Try it → Both the line below containing "Definition pp (n" and the line containing "Fixpoint comps_fuel (f", along with every line between them, should be repeated exactly; no other line belongs in the answer.

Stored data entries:
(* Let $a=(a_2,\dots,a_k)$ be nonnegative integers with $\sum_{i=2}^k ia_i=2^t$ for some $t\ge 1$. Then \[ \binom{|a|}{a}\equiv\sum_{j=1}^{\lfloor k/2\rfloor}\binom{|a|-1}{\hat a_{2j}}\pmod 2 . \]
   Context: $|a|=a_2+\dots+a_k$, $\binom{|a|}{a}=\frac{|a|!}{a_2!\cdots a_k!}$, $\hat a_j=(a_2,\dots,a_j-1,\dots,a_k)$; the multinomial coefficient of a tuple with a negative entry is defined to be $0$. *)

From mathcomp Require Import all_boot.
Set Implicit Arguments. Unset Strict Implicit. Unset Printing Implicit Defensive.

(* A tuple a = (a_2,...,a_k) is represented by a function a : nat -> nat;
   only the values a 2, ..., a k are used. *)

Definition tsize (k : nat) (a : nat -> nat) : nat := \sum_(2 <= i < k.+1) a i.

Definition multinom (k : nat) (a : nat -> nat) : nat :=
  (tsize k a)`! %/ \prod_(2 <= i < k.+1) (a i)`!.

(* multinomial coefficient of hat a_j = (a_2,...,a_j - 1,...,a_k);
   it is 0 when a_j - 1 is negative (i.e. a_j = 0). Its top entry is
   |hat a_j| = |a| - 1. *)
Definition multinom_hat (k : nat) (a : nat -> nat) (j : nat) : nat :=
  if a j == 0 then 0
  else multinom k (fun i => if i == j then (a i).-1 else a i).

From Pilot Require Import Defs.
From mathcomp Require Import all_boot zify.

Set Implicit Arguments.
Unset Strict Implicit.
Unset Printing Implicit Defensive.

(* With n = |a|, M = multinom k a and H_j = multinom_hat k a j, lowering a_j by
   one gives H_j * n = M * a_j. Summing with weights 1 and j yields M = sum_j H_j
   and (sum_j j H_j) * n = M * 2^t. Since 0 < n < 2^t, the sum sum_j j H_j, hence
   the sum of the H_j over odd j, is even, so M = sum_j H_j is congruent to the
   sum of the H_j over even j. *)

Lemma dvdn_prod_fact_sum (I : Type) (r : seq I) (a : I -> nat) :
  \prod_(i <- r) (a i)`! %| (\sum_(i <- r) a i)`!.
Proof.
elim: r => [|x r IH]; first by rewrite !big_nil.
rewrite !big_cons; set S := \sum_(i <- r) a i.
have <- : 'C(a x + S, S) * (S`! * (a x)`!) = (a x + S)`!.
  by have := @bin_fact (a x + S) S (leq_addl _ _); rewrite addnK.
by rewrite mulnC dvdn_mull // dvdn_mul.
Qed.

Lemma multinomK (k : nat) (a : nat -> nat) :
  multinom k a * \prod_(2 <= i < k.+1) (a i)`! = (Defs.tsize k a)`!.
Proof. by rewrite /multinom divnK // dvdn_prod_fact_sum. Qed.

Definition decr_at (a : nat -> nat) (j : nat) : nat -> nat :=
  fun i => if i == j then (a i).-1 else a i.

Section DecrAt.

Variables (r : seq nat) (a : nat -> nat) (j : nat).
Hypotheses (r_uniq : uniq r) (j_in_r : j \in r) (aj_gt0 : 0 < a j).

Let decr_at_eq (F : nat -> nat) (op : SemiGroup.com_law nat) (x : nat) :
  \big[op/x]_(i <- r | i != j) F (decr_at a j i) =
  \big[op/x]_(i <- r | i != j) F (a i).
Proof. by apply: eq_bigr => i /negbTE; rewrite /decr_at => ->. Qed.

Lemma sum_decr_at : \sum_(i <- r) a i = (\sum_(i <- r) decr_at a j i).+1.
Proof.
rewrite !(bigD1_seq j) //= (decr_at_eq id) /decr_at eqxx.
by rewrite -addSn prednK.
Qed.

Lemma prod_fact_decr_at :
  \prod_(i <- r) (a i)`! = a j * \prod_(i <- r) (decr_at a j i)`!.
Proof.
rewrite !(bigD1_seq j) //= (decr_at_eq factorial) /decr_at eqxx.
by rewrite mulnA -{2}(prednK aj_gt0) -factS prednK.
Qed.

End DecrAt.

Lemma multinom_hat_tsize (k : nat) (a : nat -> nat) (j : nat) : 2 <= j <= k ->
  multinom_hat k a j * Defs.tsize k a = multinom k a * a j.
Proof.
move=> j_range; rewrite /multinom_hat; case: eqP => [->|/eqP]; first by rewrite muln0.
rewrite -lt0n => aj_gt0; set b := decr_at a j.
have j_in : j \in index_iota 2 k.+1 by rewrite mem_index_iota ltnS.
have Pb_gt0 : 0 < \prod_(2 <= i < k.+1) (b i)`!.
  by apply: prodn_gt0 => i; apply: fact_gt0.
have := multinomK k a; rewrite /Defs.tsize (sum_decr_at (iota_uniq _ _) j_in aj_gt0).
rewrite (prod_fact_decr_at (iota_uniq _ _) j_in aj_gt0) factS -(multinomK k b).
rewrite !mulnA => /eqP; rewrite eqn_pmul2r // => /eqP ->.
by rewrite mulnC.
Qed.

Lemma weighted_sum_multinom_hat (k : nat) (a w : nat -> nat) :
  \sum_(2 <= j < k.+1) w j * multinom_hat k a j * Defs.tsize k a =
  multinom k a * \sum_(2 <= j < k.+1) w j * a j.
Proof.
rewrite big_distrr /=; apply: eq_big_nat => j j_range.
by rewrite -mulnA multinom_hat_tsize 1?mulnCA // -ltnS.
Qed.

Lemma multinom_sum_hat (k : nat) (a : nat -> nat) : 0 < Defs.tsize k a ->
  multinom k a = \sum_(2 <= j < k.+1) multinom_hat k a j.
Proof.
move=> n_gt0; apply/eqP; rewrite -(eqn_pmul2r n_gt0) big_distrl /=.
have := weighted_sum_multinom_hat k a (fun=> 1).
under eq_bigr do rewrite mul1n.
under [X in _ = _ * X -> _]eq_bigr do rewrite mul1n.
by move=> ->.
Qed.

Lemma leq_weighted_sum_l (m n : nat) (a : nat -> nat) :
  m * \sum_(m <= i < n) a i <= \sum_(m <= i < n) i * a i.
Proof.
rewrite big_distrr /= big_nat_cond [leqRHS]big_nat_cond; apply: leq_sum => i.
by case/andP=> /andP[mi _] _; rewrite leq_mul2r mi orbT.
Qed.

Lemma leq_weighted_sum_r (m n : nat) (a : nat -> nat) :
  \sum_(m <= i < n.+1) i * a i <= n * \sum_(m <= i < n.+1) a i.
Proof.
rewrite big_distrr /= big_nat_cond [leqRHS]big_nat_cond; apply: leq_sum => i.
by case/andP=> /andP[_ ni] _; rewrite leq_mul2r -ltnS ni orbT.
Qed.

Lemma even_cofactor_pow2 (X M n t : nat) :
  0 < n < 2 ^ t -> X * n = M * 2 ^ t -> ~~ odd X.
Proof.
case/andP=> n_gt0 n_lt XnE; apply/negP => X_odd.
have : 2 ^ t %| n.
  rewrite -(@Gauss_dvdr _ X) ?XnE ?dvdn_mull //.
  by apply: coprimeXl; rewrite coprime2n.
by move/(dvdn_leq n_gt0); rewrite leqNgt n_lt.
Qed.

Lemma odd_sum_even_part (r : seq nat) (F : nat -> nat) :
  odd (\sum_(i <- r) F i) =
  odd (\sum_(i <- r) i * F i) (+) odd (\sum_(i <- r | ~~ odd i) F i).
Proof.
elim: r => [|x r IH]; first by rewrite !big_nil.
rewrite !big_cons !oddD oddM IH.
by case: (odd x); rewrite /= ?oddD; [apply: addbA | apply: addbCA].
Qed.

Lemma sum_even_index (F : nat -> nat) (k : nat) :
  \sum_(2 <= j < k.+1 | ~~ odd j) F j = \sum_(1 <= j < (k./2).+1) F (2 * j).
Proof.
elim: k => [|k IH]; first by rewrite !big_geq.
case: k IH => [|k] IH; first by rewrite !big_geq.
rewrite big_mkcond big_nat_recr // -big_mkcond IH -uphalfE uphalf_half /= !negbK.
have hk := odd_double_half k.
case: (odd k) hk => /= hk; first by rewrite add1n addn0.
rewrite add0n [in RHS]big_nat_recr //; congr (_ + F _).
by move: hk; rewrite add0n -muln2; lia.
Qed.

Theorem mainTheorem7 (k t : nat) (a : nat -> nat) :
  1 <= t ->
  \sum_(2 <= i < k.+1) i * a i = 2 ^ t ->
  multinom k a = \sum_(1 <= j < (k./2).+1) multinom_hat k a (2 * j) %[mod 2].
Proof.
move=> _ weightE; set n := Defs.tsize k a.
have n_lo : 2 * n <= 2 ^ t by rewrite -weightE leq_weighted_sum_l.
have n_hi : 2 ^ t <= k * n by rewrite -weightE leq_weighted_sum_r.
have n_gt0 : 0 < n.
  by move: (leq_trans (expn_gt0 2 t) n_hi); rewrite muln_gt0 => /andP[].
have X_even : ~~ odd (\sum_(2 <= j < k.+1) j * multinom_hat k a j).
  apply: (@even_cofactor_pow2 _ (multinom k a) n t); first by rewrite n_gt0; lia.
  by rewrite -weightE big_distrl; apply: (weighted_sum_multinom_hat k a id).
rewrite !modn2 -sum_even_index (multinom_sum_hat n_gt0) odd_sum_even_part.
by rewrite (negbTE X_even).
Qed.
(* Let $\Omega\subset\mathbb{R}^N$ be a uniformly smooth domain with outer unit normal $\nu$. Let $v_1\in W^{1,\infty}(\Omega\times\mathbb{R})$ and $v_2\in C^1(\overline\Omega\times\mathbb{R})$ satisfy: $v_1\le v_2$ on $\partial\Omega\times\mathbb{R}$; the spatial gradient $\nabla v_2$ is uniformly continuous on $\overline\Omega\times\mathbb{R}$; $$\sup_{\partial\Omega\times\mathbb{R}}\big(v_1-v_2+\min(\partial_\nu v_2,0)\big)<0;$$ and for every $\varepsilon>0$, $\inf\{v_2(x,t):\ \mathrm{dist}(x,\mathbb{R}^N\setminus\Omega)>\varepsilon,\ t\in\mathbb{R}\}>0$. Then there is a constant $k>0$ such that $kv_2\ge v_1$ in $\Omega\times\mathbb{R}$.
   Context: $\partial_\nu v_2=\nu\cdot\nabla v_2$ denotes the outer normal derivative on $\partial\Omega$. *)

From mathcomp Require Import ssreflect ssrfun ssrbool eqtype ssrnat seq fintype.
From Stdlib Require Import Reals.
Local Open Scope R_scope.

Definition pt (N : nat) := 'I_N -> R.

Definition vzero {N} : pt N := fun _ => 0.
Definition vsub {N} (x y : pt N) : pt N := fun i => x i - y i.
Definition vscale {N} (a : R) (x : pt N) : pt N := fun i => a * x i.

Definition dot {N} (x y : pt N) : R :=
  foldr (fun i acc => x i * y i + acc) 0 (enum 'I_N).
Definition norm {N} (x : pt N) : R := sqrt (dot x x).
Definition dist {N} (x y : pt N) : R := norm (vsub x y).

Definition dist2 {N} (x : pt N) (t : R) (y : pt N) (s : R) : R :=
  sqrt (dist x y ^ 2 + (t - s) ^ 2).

==

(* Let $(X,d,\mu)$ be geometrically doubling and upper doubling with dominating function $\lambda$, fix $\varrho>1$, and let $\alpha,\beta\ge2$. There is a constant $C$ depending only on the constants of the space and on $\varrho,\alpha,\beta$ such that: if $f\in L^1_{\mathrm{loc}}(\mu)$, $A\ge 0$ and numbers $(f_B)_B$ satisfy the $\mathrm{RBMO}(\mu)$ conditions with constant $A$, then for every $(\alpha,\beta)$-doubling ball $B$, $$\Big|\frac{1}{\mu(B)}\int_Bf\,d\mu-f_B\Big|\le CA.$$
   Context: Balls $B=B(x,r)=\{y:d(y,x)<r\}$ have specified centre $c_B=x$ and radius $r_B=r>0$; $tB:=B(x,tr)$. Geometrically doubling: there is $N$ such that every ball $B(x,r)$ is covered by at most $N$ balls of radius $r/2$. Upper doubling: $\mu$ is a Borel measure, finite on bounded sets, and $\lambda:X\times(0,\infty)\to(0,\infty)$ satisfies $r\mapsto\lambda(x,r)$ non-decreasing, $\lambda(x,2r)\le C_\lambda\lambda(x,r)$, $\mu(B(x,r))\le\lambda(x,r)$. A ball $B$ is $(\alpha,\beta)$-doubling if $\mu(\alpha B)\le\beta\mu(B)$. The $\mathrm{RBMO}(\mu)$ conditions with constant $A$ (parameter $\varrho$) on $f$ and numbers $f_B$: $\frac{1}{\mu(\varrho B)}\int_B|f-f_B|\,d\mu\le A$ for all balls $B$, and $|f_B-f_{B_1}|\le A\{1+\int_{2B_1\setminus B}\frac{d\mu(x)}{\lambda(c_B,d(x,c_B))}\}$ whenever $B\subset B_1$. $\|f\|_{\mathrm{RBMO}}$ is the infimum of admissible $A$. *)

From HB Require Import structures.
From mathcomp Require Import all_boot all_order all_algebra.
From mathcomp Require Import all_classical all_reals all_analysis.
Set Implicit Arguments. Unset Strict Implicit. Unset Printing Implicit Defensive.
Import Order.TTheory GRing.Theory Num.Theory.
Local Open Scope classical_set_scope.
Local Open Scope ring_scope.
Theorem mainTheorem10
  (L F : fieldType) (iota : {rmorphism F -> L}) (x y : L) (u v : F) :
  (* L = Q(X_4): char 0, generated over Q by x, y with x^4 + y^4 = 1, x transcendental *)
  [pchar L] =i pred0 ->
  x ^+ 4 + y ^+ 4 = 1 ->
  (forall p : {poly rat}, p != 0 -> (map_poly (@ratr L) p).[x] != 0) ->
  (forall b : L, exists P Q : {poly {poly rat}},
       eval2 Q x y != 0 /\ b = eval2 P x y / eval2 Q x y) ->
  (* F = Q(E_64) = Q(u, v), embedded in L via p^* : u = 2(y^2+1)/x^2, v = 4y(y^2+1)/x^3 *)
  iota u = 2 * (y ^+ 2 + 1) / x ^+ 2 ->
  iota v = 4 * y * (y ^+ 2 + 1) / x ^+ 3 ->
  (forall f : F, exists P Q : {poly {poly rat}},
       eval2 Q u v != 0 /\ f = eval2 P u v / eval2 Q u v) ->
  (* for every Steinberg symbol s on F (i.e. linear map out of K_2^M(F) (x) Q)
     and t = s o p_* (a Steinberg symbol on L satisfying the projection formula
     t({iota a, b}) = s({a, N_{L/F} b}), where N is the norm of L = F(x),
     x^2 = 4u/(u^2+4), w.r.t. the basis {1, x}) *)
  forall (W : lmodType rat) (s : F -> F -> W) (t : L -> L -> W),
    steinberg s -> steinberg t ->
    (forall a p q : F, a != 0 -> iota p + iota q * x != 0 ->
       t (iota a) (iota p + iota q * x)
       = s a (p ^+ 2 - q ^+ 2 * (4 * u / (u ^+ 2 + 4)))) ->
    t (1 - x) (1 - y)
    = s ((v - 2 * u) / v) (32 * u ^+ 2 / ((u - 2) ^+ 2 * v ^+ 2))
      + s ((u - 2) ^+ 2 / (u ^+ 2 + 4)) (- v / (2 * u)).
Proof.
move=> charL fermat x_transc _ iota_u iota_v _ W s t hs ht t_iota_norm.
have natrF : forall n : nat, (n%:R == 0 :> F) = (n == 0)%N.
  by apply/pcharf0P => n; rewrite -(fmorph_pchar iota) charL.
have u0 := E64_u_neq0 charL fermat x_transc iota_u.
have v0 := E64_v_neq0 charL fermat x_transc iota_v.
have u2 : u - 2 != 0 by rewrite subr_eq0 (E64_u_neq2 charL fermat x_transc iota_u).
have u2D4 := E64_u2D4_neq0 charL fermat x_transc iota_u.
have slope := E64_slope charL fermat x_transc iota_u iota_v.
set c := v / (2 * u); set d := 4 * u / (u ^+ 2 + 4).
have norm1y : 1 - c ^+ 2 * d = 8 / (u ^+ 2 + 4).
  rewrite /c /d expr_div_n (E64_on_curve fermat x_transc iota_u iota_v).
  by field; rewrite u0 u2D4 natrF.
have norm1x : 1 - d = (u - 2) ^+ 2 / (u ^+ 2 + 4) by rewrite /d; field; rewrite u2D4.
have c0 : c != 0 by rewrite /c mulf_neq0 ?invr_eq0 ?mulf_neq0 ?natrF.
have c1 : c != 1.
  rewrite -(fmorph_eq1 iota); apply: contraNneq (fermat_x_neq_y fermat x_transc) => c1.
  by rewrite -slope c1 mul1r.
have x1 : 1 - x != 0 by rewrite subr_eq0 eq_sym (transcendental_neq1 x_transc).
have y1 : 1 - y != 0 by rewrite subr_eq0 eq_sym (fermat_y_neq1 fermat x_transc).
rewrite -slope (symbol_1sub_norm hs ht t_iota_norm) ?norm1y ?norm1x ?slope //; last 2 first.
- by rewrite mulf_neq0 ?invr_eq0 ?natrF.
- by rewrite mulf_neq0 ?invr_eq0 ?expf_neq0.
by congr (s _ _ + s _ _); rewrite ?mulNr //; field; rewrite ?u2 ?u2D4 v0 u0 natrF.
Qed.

--

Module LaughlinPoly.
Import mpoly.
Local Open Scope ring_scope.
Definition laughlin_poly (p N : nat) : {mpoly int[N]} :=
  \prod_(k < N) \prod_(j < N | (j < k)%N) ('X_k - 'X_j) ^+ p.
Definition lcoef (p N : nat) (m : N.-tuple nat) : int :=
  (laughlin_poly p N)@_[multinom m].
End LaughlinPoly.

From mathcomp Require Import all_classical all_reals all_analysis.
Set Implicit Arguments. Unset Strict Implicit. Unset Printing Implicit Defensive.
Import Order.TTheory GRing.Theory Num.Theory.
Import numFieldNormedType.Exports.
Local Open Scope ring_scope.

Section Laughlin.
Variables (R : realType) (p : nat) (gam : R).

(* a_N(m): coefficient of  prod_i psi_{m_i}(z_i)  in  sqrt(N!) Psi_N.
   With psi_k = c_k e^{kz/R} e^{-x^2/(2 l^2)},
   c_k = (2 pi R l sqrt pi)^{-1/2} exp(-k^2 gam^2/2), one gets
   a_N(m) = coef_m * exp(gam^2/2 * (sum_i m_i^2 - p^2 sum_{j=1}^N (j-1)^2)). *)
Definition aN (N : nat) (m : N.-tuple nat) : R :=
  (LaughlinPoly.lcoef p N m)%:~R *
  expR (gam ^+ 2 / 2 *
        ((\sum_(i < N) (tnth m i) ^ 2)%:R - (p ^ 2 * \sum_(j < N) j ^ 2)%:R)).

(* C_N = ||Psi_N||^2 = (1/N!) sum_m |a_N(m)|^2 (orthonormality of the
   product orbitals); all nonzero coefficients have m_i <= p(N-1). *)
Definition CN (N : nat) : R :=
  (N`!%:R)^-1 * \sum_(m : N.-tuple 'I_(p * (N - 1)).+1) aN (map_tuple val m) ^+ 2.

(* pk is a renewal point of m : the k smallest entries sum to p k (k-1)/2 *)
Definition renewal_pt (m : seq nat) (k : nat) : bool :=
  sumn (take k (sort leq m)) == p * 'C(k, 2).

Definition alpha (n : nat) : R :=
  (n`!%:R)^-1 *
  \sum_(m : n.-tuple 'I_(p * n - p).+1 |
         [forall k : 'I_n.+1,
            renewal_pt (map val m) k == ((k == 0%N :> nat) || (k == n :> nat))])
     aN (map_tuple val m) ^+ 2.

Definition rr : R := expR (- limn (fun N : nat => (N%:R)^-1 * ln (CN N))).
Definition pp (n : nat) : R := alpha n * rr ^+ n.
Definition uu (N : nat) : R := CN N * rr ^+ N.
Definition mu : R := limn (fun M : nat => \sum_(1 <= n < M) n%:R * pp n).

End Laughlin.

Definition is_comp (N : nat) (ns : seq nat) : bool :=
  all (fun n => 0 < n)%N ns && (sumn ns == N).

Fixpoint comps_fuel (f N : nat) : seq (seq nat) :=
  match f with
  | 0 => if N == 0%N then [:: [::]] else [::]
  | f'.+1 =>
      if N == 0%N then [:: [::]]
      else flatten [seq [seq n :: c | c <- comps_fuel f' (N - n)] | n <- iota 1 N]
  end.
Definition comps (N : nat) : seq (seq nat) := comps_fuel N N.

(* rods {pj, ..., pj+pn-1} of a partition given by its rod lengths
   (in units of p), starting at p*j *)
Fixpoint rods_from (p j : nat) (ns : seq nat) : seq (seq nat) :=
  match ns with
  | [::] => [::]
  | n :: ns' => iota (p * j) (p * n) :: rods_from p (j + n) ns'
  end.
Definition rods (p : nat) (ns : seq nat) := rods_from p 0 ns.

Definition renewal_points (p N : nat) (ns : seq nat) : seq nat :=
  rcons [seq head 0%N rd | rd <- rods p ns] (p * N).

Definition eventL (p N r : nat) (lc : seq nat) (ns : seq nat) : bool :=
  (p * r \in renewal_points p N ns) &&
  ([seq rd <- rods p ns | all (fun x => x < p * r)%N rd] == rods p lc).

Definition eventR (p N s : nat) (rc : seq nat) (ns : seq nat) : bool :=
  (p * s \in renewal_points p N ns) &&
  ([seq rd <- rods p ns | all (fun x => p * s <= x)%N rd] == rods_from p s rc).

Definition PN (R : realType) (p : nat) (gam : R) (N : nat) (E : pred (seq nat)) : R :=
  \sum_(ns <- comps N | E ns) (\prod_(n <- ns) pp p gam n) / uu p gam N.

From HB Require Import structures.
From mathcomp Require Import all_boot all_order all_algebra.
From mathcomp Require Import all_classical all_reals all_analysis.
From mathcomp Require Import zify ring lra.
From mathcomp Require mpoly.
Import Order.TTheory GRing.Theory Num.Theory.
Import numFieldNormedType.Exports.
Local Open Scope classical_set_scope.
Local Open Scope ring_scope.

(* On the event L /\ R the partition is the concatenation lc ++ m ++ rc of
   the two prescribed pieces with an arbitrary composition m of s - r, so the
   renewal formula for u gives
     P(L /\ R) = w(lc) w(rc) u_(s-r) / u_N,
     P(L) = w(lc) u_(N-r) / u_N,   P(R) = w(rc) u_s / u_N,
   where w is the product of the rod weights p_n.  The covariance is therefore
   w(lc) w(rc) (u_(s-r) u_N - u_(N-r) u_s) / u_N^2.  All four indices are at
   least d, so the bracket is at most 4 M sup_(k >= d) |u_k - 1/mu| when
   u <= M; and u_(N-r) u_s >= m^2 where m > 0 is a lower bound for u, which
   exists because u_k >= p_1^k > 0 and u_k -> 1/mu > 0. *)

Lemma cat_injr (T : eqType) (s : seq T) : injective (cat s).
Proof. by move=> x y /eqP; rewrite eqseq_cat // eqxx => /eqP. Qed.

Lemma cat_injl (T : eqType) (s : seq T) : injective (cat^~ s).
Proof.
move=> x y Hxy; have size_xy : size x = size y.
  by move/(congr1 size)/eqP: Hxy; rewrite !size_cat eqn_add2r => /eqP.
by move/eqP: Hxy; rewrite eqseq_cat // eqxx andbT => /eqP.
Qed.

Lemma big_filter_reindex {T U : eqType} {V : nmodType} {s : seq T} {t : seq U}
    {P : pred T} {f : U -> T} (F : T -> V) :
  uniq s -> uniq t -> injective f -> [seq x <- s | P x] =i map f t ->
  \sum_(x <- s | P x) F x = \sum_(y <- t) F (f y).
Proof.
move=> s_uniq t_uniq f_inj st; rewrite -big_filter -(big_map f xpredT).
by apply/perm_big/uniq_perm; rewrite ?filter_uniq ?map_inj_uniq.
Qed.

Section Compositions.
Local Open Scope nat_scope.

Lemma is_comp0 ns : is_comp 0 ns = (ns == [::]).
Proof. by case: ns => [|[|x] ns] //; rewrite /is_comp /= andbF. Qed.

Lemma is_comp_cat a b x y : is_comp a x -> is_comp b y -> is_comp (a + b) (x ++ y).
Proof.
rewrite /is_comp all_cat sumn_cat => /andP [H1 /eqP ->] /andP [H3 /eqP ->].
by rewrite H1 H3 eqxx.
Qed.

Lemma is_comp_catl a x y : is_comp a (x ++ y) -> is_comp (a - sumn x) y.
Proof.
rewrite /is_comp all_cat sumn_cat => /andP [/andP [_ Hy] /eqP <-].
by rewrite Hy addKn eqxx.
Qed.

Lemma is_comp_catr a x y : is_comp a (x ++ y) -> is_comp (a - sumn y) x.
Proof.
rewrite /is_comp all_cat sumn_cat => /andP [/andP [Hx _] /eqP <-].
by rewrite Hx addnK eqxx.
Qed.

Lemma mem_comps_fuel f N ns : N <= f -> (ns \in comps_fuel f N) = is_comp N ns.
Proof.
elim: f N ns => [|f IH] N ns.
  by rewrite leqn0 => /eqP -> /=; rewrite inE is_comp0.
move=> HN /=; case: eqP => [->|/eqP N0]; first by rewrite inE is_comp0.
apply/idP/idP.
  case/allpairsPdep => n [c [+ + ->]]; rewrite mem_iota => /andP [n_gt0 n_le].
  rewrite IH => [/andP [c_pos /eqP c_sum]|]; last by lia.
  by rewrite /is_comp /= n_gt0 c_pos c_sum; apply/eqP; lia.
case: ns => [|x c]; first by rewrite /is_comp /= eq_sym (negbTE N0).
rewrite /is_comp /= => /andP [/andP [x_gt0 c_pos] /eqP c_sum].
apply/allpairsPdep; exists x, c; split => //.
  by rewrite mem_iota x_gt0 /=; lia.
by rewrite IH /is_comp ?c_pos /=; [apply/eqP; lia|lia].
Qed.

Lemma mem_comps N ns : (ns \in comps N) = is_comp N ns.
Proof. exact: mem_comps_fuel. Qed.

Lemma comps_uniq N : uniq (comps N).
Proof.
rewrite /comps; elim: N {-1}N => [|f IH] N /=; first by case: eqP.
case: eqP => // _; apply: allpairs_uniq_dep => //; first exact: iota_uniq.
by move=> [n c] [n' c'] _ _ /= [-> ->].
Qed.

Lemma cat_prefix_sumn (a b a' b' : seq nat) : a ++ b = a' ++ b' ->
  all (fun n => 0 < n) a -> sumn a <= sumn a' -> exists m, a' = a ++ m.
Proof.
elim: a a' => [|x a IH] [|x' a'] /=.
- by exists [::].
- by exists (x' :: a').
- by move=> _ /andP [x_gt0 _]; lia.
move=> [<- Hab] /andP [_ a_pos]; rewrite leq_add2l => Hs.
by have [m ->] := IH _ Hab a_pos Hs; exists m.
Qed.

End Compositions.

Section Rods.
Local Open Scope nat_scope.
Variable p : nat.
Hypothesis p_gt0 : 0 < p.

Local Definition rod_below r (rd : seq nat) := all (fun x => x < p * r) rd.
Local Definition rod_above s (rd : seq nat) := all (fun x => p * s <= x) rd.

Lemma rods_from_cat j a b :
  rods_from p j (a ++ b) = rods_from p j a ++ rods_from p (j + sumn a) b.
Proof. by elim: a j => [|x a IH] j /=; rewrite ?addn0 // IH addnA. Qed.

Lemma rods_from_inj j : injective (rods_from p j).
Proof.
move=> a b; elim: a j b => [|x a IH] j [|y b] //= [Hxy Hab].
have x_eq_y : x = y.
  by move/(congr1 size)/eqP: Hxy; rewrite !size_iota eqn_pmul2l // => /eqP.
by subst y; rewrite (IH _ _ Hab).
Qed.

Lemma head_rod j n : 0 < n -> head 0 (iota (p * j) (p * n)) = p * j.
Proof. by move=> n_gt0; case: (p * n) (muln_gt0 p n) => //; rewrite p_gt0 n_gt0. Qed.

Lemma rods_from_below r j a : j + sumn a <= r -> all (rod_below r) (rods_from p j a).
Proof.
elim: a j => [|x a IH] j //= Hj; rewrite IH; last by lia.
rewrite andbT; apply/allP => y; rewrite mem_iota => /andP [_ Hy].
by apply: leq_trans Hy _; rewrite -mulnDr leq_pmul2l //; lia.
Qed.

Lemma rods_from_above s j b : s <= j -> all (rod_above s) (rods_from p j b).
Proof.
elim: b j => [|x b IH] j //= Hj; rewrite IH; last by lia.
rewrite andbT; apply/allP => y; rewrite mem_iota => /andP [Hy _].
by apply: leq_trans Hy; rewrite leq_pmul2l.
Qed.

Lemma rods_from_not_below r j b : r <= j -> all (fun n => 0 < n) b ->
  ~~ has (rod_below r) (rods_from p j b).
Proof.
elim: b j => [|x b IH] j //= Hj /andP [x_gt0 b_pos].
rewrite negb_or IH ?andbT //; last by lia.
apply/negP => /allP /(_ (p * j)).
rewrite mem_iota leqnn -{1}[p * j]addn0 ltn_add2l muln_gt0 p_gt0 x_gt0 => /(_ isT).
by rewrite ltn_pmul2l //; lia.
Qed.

Completed task →
Definition pp (n : nat) : R := alpha n * rr ^+ n.
Definition uu (N : nat) : R := CN N * rr ^+ N.
Definition mu : R := limn (fun M : nat => \sum_(1 <= n < M) n%:R * pp n).

End Laughlin.

Definition is_comp (N : nat) (ns : seq nat) : bool :=
  all (fun n => 0 < n)%N ns && (sumn ns == N).

Fixpoint comps_fuel (f N : nat) : seq (seq nat) :=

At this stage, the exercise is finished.